All of these are values. They help cement your distinct identity. They may or may not come with their own prescribed chapter and verse from the Bible, but they do fall under the biblical admonition and invitation that says, “Whatever you do, work at it with all your heart, as working for the Lord, not for men,” since you know it is always “the Lord Christ you are serving” (Col. 3:23–24), no matter where or how you’re serving Him.
4. Values are timeless, not temporary. A big part of what goes into developing a vision for your children is seeing them not merely as whatever age kids they happen to be at the moment. As parents, we need to already be envisioning them as the twenty-year-olds and thirty-year-olds they will one day become. I’m not talking about growing them up before they’re ready. (The world and culture is already way too busy doing that.) But how will these values of yours—these values of theirs as part of your family—how will these values help shape them as they move on later into adulthood? That’s what you’re going for. Growing lifelong disciples.
So not only are the values you’re defining today a key component in how you’re leading your family at present; not only are these the values you want to deepen and intensify in each other through ongoing practice and experience; not only do these values touch on every kind of endeavor in which you and your kids participate—but they also assist you in being able to help shape your children into the men and women they are on their way toward becoming.

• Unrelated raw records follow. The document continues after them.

Lemma image_connected_of_connected : connected_at_e B ->
  forall b, In b B -> qpath (image B) b e.
Proof.
  intros Hc b Hb; apply qpath_sym, (qpath_of_cay (fun g => In g B)); [|auto].
  intros g Hg; exists g; auto using sc_refl.
Qed.

Lemma ratio_outside g : In g (ratios B) -> ~ In g B -> outside B g.
Proof.
  intros Hg HgB b Hb X; apply (Hcrit (inv g ** b)); auto using in_critical_ratio.
  intro E; apply eq_of_div_e in E; subst; auto.
Qed.

Lemma disjoint_of_outside_ratios v : outside (ratios B) v ->
  forall b b', In b B -> In b' B -> ~ sc (v ** b) b'.
Proof. intros Hv b b' Hb Hb' X; apply (Hv (b' ** inv b)); auto using in_ratios, sc_right. Qed.

Lemma disjoint_of_ratio_neighbour p s : In p (ratios B) -> In s S -> ~ In (p ** s) (ratios B) ->
  forall b b', In b B -> In b' B -> ~ sc (p ** s ** b) b'.
Proof.
  intros Hp Hs Hq b b' Hb Hb' X; apply (Hcrit _ (in_critical_neighbour B p s b b' Hp Hs Hb Hb'));
    [|exact X].
  intro E; apply eq_of_div_e in E; apply Hq.
  replace (p ** s) with (b' ** inv b) by (rewrite <- E; gsimpl; reflexivity).
  apply in_ratios; auto.
Qed.

(* Hypothesis (2) of the criterion: a vertex outside pi(B) is either already far
   from pi(B), or is the image of some element w of B B^-1 outside B; then the
   infinite component of w in the complement of B leaves the finite set B B^-1
   along an edge p -> ps, and ps is far from B. *)
Lemma recentre_of_no_finite_component : no_finite_component B ->
  forall x, outside B x -> exists v, qpath (outside B) x v /\
    forall b b', In b B -> In b' B -> ~ sc (v ** b) b'.
Proof.
  intros Hesc x Px.
  destruct (classic (outside (ratios B) x)) as [Hx|Hx].
  { exists x; split; [apply rt_refl| apply disjoint_of_outside_ratios; auto]. }
  apply not_outside_image in Hx as (w&HwW&Hxw).
  assert (HwB : ~ In w B) by (intro X; apply (Px w X Hxw)).
  destruct (Hesc w HwB (ratios B)) as (y&HyW&Hwy).
  destruct (path_exit _ (fun g => In g (ratios B)) w y Hwy HwW HyW)
    as (p&q&Hwp&(HpB&_&(s&Hs&->))&HpW&HqW).
  assert (Hdisj := disjoint_of_ratio_neighbour p s HpW Hs HqW).
  exists (p ** s); split; [|exact Hdisj].
  assert (Pq : outside B (p ** s)).
  { intros b' Hb' X; apply (Hdisj e b'); auto; rewrite mul_e_r; exact X. }
  apply rt_trans with w; [apply qpath_coset; eauto using outside_coset|].
  apply rt_trans with p.
  - apply (qpath_of_cay (fun g => In g (ratios B) /\ ~ In g B)); [intros; apply ratio_outside; tauto|].
    eapply rt_mono; [|exact Hwp]. intros a b (?&?&?&?&?); repeat split; auto.
  - apply rt_step; repeat split; [apply ratio_outside| |right; exists s; auto using sc_refl]; auto.
Qed.

Lemma filled_complement_connected : connected_at_e B -> no_finite_component B ->
  finite_index mul inv H -> quot_connected mul inv H S (outside B).
Proof.
  intros Hc Hesc (reps&Hreps) g h Pg Ph.
  exact (complement_connected B Be (image_connected_of_connected Hc)
           (recentre_of_no_finite_component Hesc) quotient_connected reps Hreps g h Pg Ph).
Qed.

End Filled.
End Quotient.
End Generated.
End Group.

Lemma eventually_avoids {G : Type} (e : G) (Gam : nat -> G -> Prop)
  (Hlim : forall g, (forall n, exists i, n <= i /\ Gam i g) <-> g = e) (L : list G) :
  exists N, forall n, N <= n -> forall g, In g L -> g <> e -> ~ Gam n g.
Proof.
  induction L as [|a L (N&HN)]; [exists 0; intros n _ g []|].
  destruct (classic (a = e)) as [Ea|Ea].
  - exists N; intros n Hn g [<-|Hg] Hge; [contradiction| apply HN; auto].
  - assert (X : ~ (forall n, exists i, n <= i /\ Gam i a)) by (rewrite Hlim; exact Ea).
    apply not_all_ex_not in X as (M&HM).
    exists (N + M); intros n Hn g [<-|Hg] Hge.
    + intro Y; apply HM; exists n; split; [lia| auto].
    + apply HN; auto; lia.
Qed.

Theorem lemma5p3 (G : Type) (mul : G -> G -> G) (inv : G -> G) (e : G)
  (Hgrp : is_group mul inv e)
  (Hinf : @infinite_carrier G)
  (Gam : nat -> G -> Prop)
  (Hnorm : forall n, normal_subgroup mul inv e (Gam n))
  (Hfin : forall n, finite_index mul inv (Gam n))
  (Hlim : forall g, (forall n, exists i, n <= i /\ Gam i g) <-> g = e)
  (S : list G) (HS : sym_gen_set mul inv e S)
  (A : list G) :
  exists B : list G, incl A B /\
    exists N, forall n, N <= n ->
      quot_connected mul inv (Gam n) S (outside_image mul inv (Gam n) B).
Proof.
  destruct HS as (_&HSsym&HSgen).
  destruct (ball_covers mul inv e Hgrp S HSgen A) as (r&Hr).
  set (B0 := ball mul e S r).
  assert (B0e : In e B0) by apply ball_e.
  set (B := fill mul S B0).
  exists B; split; [intros a Ha; apply B0_fill, Hr, Ha|].
  destruct (eventually_avoids e Gam Hlim (critical mul inv S B)) as (N&HN).
  exists N; intros n Hn.
  apply (filled_complement_connected mul inv e Hgrp S HSsym HSgen (Gam n) (Hnorm n) B).
  - apply B0_fill, B0e.
  - apply HN, Hn.
  - apply fill_connected, ball_connected.
  - exact (fill_no_finite_component mul inv e Hgrp S HSsym HSgen B0 B0e).
  - apply Hfin.
Qed.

This one thing—knowing your values—can solve so many of the concerns you’ve been feeling about why you’re not leading your family like you should or like you want. It will help you do it better. It’s what could transform you into a dad or mom who’s becoming more and more effective each year and each season in tapping into your kids’ hearts. Knowing and prioritizing your family’s core values can help you accomplish so much.
It’s what gives your family its vision.
Vision: A Mental Image Statement for Your Family - Victorious Family
[…] start there. With your values (see my last post for more details – Values Drive Decisions – Victorious Family). Write them down. Take them into prayer with you. Ask God to help you reduce this vital […]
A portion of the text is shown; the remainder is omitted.